Mimo problemów jakie od kilku lat ma japoński gigant animacji (co jest związane przede wszystkim z Hayo Miyazakim, który dużymi krokami opuszcza swoją branżę), dzięki swej rozpoznawalności może śmiało pójść podobną drogą co twórcy Myszki Miki. Studio Ghibli ma już w Japonii własne muzeum, w 2022 roku powinno mieć też własny park rozrywki. Będzie się on mieścić w prefekturze Aichi.

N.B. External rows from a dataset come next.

(* Let $q\ge 3$, $s\in\mathbb{N}$, and let $Y_s=\{y_i\}_{i=1}^{2s}$ be any collection of points with $y_{2s}<\cdots<y_1<y_{2s}+2\pi=:y_0$. Then there exists a function $f\in\Delta^{(q)}(Y_s)\cap W^{q-2}$ such that $$E_n^{(q)}(f,Y_s)\ge C(q,Y_s),\qquad n\in\mathbb{N},$$ where $C(q,Y_s)>0$ depends only on $q$ and $Y_s$.
   Context: A function $f\in C[a,b]$ is called $q$-monotone ($q\ge 2$) if $f\in C^{q-2}(a,b)$ and $f^{(q-2)}$ is convex on $(a,b)$. For $Y_s$ as in the claim, $\Delta^{(q)}(Y_s)$ denotes the set of continuous $2\pi$-periodic functions $f:\mathbb{R}\to\mathbb{R}$ such that $(-1)^{i-1}f$ is $q$-monotone on $[y_i,y_{i-1}]$ for each $1\le i\le 2s$. For $r\in\mathbb{N}$, $W^r$ denotes the class of $2\pi$-periodic functions $f$ with $f^{(r-1)}$ locally absolutely continuous on $\mathbb{R}$ and $\operatorname{ess\,sup}_{x\in\mathbb{R}}|f^{(r)}(x)|\le 2$. $\mathcal{T}_n$ is the space of real trigonometric polynomials of degree $\le n$. For a continuous $2\pi$-periodic $g$, $\|g\|=\max_{x\in\mathbb{R}}|g(x)|$, and $E_n^{(q)}(g,Y_s):=\inf_{T_n\in\mathcal{T}_n\cap\Delta^{(q)}(Y_s)}\|g-T_n\|$. *)

From Stdlib Require Import Reals Lra Lia.
From Coquelicot Require Import Coquelicot.
Open Scope R_scope.

Definition periodic_cont (f : R -> R) : Prop :=
  (forall x, continuous f x) /\ (forall x, f (x + 2 * PI) = f x).

Definition cont_on_closed (f : R -> R) (a b : R) : Prop :=
  forall x, a <= x <= b ->
    filterlim f (within (fun t => a <= t <= b) (locally x)) (locally (f x)).

Definition Cm_open (m : nat) (f : R -> R) (a b : R) : Prop :=
  forall k, (k <= m)%nat -> forall x, a < x < b ->
    ex_derive_n f k x /\ continuous (Derive_n f k) x.

Definition convex_open (g : R -> R) (a b : R) : Prop :=
  forall x y t, a < x < b -> a < y < b -> 0 <= t <= 1 ->
    g (t * x + (1 - t) * y) <= t * g x + (1 - t) * g y.

Definition q_monotone (q : nat) (f : R -> R) (a b : R) : Prop :=
  cont_on_closed f a b /\ Cm_open (q - 2) f a b /\
  convex_open (Derive_n f (q - 2)) a b.

(* The points y_1, ..., y_{2s} are given by y : nat -> R (indices 1..2s used);
   y_0 := y_{2s} + 2 pi. *)
Definition yext (s : nat) (y : nat -> R) (i : nat) : R :=
  if Nat.eqb i 0 then y (2 * s)%nat + 2 * PI else y i.

Definition admissible_Y (s : nat) (y : nat -> R) : Prop :=
  forall i, (1 <= i <= 2 * s)%nat -> yext s y i < yext s y (i - 1).

Definition Delta_q (q s : nat) (y : nat -> R) (f : R -> R) : Prop :=
  periodic_cont f /\
  forall i, (1 <= i <= 2 * s)%nat ->
    q_monotone q (fun x => (-1) ^ (i - 1) * f x) (yext s y i) (yext s y (i - 1)).

Definition null_set (N : R -> Prop) : Prop :=
  forall eps, 0 < eps -> exists a b : nat -> R,
    (forall n, a n <= b n) /\
    (forall x, N x -> exists n, a n < x < b n) /\
    (forall m, sum_f_R0 (fun n => b n - a n) m <= eps).

Definition loc_abs_continuous (g : R -> R) : Prop :=
  forall c d, c <= d -> forall eps, 0 < eps -> exists delta, 0 < delta /\
    forall (m : nat) (a b : nat -> R), (1 <= m)%nat ->
      (forall i, (i < m)%nat -> c <= a i /\ a i <= b i /\ b i <= d) ->
      (forall i j, (i < m)%nat -> (j < m)%nat -> i <> j ->
          b i <= a j \/ b j <= a i) ->
      sum_f_R0 (fun i => b i - a i) (m - 1) < delta ->
      sum_f_R0 (fun i => Rabs (g (b i) - g (a i))) (m - 1) < eps.

Definition W_class (r : nat) (f : R -> R) : Prop :=
  (forall x, f (x + 2 * PI) = f x) /\
  (forall k, (k <= r - 1)%nat -> forall x, ex_derive_n f k x) /\
  loc_abs_continuous (Derive_n f (r - 1)) /\
  exists N : R -> Prop, null_set N /\
    forall x, ~ N x -> ex_derive (Derive_n f (r - 1)) x /\
                       Rabs (Derive (Derive_n f (r - 1)) x) <= 2.

Definition trig_poly (n : nat) (T : R -> R) : Prop :=
  exists a b : nat -> R, forall x,
    T x = sum_f_R0 (fun k => a k * cos (INR k * x) + b k * sin (INR k * x)) n.

Definition sup_norm (g : R -> R) : Rbar :=
  Lub_Rbar (fun r => exists x, r = Rabs (g x)).

Definition E_nq (n q s : nat) (y : nat -> R) (g : R -> R) : Rbar :=
  Glb_Rbar (fun r => exists T, trig_poly n T /\ Delta_q q s y T /\
                               sup_norm (fun x => g x - T x) = Finite r).

From Stdlib Require Import Reals Lra Lia ZArith.
From Coquelicot Require Import Coquelicot.
Open Scope R_scope.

Możemy już zobaczyć jego plany i kilka szkiców koncepcyjnych:
- Plan obiektu i pięć wyszczególnionych stref parku.
- Strefa pierwsza to „wzgórze dziecięcych lat”. Będzie tu główna brama inspirowana Ruchomym Zamkiem Hauru, oraz replika sklepu z antykami z Szeptu serca).
- Druga strefa to wielka wystawa, zawierająca ekspozycje nawiązujące do ogólnej twórczości Ghibli.

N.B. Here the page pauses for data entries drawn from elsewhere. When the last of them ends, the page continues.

Theorem theorem6 (Iri Lit : Type) (Pred : Iri -> Prop)
  (E : setting Iri Lit) (QC : query Iri Lit -> Prop) (Q : query Iri Lit)
  (I : instance E) :
  wf_setting Pred E ->
  consistent_setting Pred E ->
  robust_under_simulation QC ->
  QC Q ->
  consistent_instance I ->
  (certain_true Pred I Q <->
   forall U, universal_sim_solution Pred I U -> Q (underlying U)).
Proof.
move=> [delta_pred _] Hcons Hrob HQ HI.
have [G0 HG0] := Hcons I HI.
apply: certain_true_iff_universal Hrob HQ _.
exact: universal_sim_solution_exists delta_pred HG0.
Qed.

- Strefa trzecia to teren nawiązujący do Księżniczki Mononoke.
- Czwarta strefa to Dolina Wiedźm, w której znajdziemy zamek Hauru, oraz dom Okino z Podniebnej Poczty Kiki.

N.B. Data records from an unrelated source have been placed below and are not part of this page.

(* Let $n\ge1$ and $A=(A_1,\dots,A_n)\in V_n$. The following are equivalent: (i) $A$ is stable; (ii) there exist $1\le j,k,l\le n$ such that $(A_j,A_k,A_l)\in V_3$ is stable; (iii) there exist $1\le j,k,l\le n$ such that $\sigma_{jk}(A)\neq0$ or $\Delta_{jkl}(A)\neq0$; (iv) $A$ is not similar to an upper triangular $n$-matrix; (v) there is no proper nonzero subspace of $\mathbb{C}^2$ preserved by all of $A_1,\dots,A_n$.
   Context: $V_n=(M_{2\times2}(\mathbb{C}))^{\times n}$ with $SL(2,\mathbb{C})$ acting by simultaneous conjugation; a point is stable if its orbit map $g\mapsto g\cdot x$ from $SL(2,\mathbb{C})$ is proper. Similar means in the same $GL(2,\mathbb{C})$-orbit under simultaneous conjugation; an upper triangular $n$-matrix has all components upper triangular. With $t_j=\mathsf{tr}(A_j)$, $t_{jk}=\mathsf{tr}(A_jA_k)$, $t_{jkl}=\mathsf{tr}(A_jA_kA_l)$, define $\tau_{jk}=t_{jk}-\tfrac12t_jt_k$, $\sigma_{jk}=\tau_{jk}^2-\tau_{jj}\tau_{kk}$ and $\Delta_{jkl}=(t_{jkl}-t_{lkj})^2$. *)

From HB Require Import structures.
From mathcomp Require Import all_boot all_order all_algebra.
From mathcomp Require Import all_classical all_reals.
From mathcomp Require Import topology normedtype.
From mathcomp Require Import complex.
Set Implicit Arguments. Unset Strict Implicit. Unset Printing Implicit Defensive.
Import Order.TTheory GRing.Theory Num.Theory.
Local Open Scope ring_scope.
Local Open Scope classical_set_scope.

(* The complex numbers: C = R[i] for R : realType (R is a model of the reals),
   with its usual metric topology (from the norm |z|), declared exactly as
   MathComp-Analysis does for realType / rcfType (num_topology.v). *)
HB.instance Definition _ (R : realType) := PseudoPointedMetric.copy R[i] R[i]^o.

(* V_n = (M_2(C))^n, as functions 'I_n -> 'M_2, with the product topology
   (M_2(C) carries the entrywise = norm topology). *)
Notation Vn R n := {ptws 'I_n -> 'M[R[i]]_2} (only parsing).

Definition SL2 (R : realType) : set 'M[R[i]]_2 := [set g | \det g = 1].
Arguments SL2 R : clear implicits.

Definition conj_actV (R : realType) (n : nat) (g : 'M[R[i]]_2) (A : Vn R n)
  : Vn R n := fun i => g *m A i *m invmx g.

(* x is stableV iff the orbit map SL(2,C) -> V_n, g |-> g.x, is proper:
   preimages of compact sets are compact (SL(2,C) is closed in M_2(C), so
   compactness in SL(2,C) is compactness in M_2(C) of a subset of SL2). *)
Definition stableV (R : realType) (n : nat) (A : Vn R n) : Prop :=
  forall K : set (Vn R n), compact K ->
    compact (SL2 R `&` (fun g => conj_actV g A) @^-1` K).

Definition similarV (R : realType) (n : nat) (A B : Vn R n) : Prop :=
  exists2 P : 'M[R[i]]_2, P \in unitmx & conj_actV P A = B.

(* upper triangular 2x2 matrix: the (2,1) entry vanishes *)
Definition upper_tri2V (R : realType) (M : 'M[R[i]]_2) : Prop :=
  M (lift ord0 ord0) ord0 = 0.

Definition upper_tri_tupleV (R : realType) (n : nat) (B : Vn R n) : Prop :=
  forall i, upper_tri2V (B i).

Definition tripleV (R : realType) (a b c : 'M[R[i]]_2) : Vn R 3 :=
  fun i => tnth [tuple a; b; c] i.

Section Traces.
Variables (R : realType) (n : nat) (A : Vn R n).
Definition t1V (j : 'I_n) : R[i] := \tr (A j).
Definition t2V (j k : 'I_n) : R[i] := \tr (A j *m A k).
Definition t3V (j k l : 'I_n) : R[i] := \tr (A j *m A k *m A l).
Definition tauV (j k : 'I_n) : R[i] := t2V j k - 2^-1 * t1V j * t1V k.
Definition sigmaV (j k : 'I_n) : R[i] := tauV j k ^+ 2 - tauV j j * tauV k k.
Definition DeltaV (j k l : 'I_n) : R[i] := (t3V j k l - t3V l k j) ^+ 2.
End Traces.

(* W (a 2x2 matrix whose rows span a subspace of C^2, vectors viewed as
   columns) is preserved by M : M w in span W for w in span W, i.e. the row
   space of W is stableV under right multiplication by M^T. *)
Definition preservesV (R : realType) (M W : 'M[R[i]]_2) : Prop :=
  (W *m M^T <= W)%MS.

(* All five conditions say that A_1, ..., A_n have no common eigenvector.  For (iii), triangularize one
   non-scalar A_j; then sigma_jk and Delta_jkl measure how far the two
   eigenvectors of A_j are from being eigenvectors of the other A_k.  A
   nonvanishing invariant involves only three of the matrices, whence (ii).
   If there is a common eigenvector, conjugate to upper triangular form by P;
   then g_s = P^-1 diag(s, 1/s) P keeps g_s . A bounded as s -> 0 while g_s
   escapes to infinity, so the orbit map is not proper.  Otherwise some
   triple P1, P2, P3 among the A_j and their commutators has
   tr(P1 P2 P3) <> tr(P3 P2 P1), so that 1, P1, P2, P3 span M_2(C): bounds on
   g P_k g^-1 then bound every g E g^-1, and for E a matrix unit these
   contain the squares of the entries of g. *)

From HB Require Import structures.
From mathcomp Require Import all_boot all_order all_algebra.
From mathcomp Require Import all_classical all_reals.
From mathcomp Require Import topology normedtype.
From mathcomp Require Import complex.
From mathcomp Require Import ring.
Import Order.TTheory GRing.Theory Num.Theory.
Import numFieldTopology.Exports.
Local Open Scope ring_scope.
Local Open Scope classical_set_scope.
Set Implicit Arguments. Unset Strict Implicit. Unset Printing Implicit Defensive.

Section Matrix2.
Variable F : comNzRingType.
Implicit Types M N : 'M[F]_2.

Lemma ord2P (i : 'I_2) : i = 0 \/ i = 1.
Proof. by case: i => [[|[|//]]] Hi; [left|right]; apply/val_inj. Qed.

Lemma big_ord2 (f : 'I_2 -> F) : \sum_(i < 2) f i = f 0 + f 1.
Proof. by rewrite big_ord_recr big_ord1; congr (f _ + f _); apply/val_inj. Qed.

Lemma mulmx2E m n (M : 'M[F]_(m, 2)) (N : 'M[F]_(2, n)) i j :
  (M *m N) i j = M i 0 * N 0 j + M i 1 * N 1 j.
Proof. by rewrite mxE big_ord2. Qed.

Lemma mxtrace2 M : \tr M = M 0 0 + M 1 1.
Proof. exact: big_ord2. Qed.

Lemma lift_ord2 (i : 'I_2) (j : 'I_1) : lift i j = if i == 0 then 1 else 0.
Proof. by case: (ord2P i) => ->; apply/val_inj; rewrite /= ?ord1. Qed.

Lemma det_mx2 M : \det M = M 0 0 * M 1 1 - M 0 1 * M 1 0.
Proof.
rewrite (expand_det_row _ 0) big_ord2 /cofactor !det_mx11 !mxE !lift_ord2 /=.
by rewrite expr0 expr1; ring.
Qed.

Lemma adj_mx2 M i j : \adj M i j =
  if i == 0 then (if j == 0 then M 1 1 else - M 0 1)
  else (if j == 0 then - M 1 0 else M 0 0).
Proof.
rewrite mxE /cofactor det_mx11 !mxE !lift_ord2.
case: (ord2P i) => ->; case: (ord2P j) => -> /=.
- by rewrite expr0 mul1r.
- by rewrite expr1 mulN1r.
- by rewrite expr1 mulN1r.
- by rewrite sqrrN expr1n mul1r.
Qed.

End Matrix2.

Section CommonEigenvector.
Variable F : fieldType.
Implicit Types (M P : 'M[F]_2) (u v : 'cV[F]_2).

Definition common_eigenvector n (A : 'I_n -> 'M[F]_2) :=
  exists2 u : 'cV[F]_2, u != 0 & forall i, exists l, A i *m u = l *: u.

Definition col2 (x y : F) : 'cV[F]_2 := \col_i (if i == 0 then x else y).

Lemma cV2_ext u v : u 0 0 = v 0 0 -> u 1 0 = v 1 0 -> u = v.
Proof.
by move=> h0 h1; apply/matrixP => i j; rewrite (ord1 j); case: (ord2P i) => ->.
Qed.

Lemma col2_eq0 x y : (col2 x y == 0) = (x == 0) && (y == 0).
Proof.
apply/eqP/andP => [/matrixP h | [/eqP-> /eqP->]].
  by have := h 0 0; have := h 1 0; rewrite !mxE /= => -> ->.
by apply: cV2_ext; rewrite !mxE.
Qed.

Lemma cV2_neq0 u : u != 0 -> u 0 0 != 0 \/ u 1 0 != 0.
Proof.
move=> un; case: (eqVneq (u 0 0) 0) => h0; last by left.
by right; apply: contra un => /eqP h1; apply/eqP/cV2_ext; rewrite mxE.
Qed.

Definition eigen_cross M u : F := (M *m u) 0 0 * u 1 0 - (M *m u) 1 0 * u 0 0.

Lemma eigenvector_cross M u : u != 0 -> eigen_cross M u = 0 ->
  exists l, M *m u = l *: u.
Proof.
move=> /cV2_neq0 [h0|h1] /eqP; rewrite subr_eq0 => /eqP hc.
- exists ((M *m u) 0 0 / u 0 0); apply: cV2_ext; rewrite [RHS]mxE; first by field.
  by rewrite mulrAC hc; field.
- exists ((M *m u) 1 0 / u 1 0); apply: cV2_ext; rewrite [RHS]mxE; last by field.
  by rewrite mulrAC -hc; field.
Qed.

Definition e0 : 'cV[F]_2 := col2 1 0.

Lemma e0_neq0 : e0 != 0.
Proof. by rewrite col2_eq0 oner_eq0. Qed.

Lemma mul_mx_e0 M i : (M *m e0) i 0 = M i 0.
Proof. by rewrite mulmx2E !mxE /=; ring. Qed.

Lemma common_eigenvector_lower0 n (A : 'I_n -> 'M[F]_2) :
  (forall i, A i 1 0 = 0) -> common_eigenvector A.
Proof.
move=> hA; exists e0 => [|i]; first exact: e0_neq0.
by exists (A i 0 0); apply: cV2_ext; rewrite mul_mx_e0 !mxE /= ?hA ?mulr1 ?mulr0.
Qed.

(* An invertible matrix whose first column is the nonzero vector [u]. *)
Definition frame_mx u : 'M[F]_2 := \matrix_(i, j)
  if j == 0 then u i 0 else
  if u 0 0 == 0 then (if i == 0 then 1 else 0) else (if i == 0 then 0 else 1).

Lemma frame_mx_unit u : u != 0 -> frame_mx u \in unitmx.
Proof.
move=> un; rewrite unitmxE unitfE det_mx2 !mxE /=.
case: (eqVneq (u 0 0) 0) => h0 /=; last by rewrite mulr1 mul0r subr0.
have [|h1] := cV2_neq0 un; first by rewrite h0 eqxx.
by rewrite h0 mul0r sub0r mul1r oppr_eq0.
Qed.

- Piąta strefa to strefa lasu Dondoku, w której już stoi replika domu dziewczynek z Mój sąsiad Totoro.
***
Co można dodać do takich informacji poza tym, że zwyczajnie wypada Japończykom zazdrościć. Nie dość, że pozwolili u siebie rozkwitnąć takim talentom, to jeszcze dorobili się rynku, który pozwala im święcić wielkie sukcesy. I nawet jeżeli niebawem studio Ghibli stanie się odcinaczem kuponów i popadnie w długi, to zawsze będzie pamiętane jako zbiór ludzi łączących sny i pragnienia, młodych i starych, na kinowych ekranach. Ta marka nigdy nie umrze, może jedynie przejść w inne ręce. Może i Disney dziś jest większy niż kiedykolwiek, ale robi też słabsze filmy niż kiedykolwiek… Ghibli nie dało rady się rozpędzić do tego stopnia i zmienić w takiego Behemota, ale co z tego skoro to ich logo widzimy na początku Księżniczki Mononoke i Spirited Away.
Mam nadzieję, że kiedyś dolecę do Japonii i będę mógł odwiedzić to miejsce. A piszę o tym także dlatego, by zauważyć jak ważne także dla branży gier jest Ghibli. Filmy tego studia inspirowały całe pokolenia, podobnie jak amerykańskie filmy, muzyka czy mangi z magazynu Shonen Jump. Wciąż to widać w produkcjach z samurajskich wysp, i to nie tylko w tak oczywisty sposób jak w Ni No Kuni.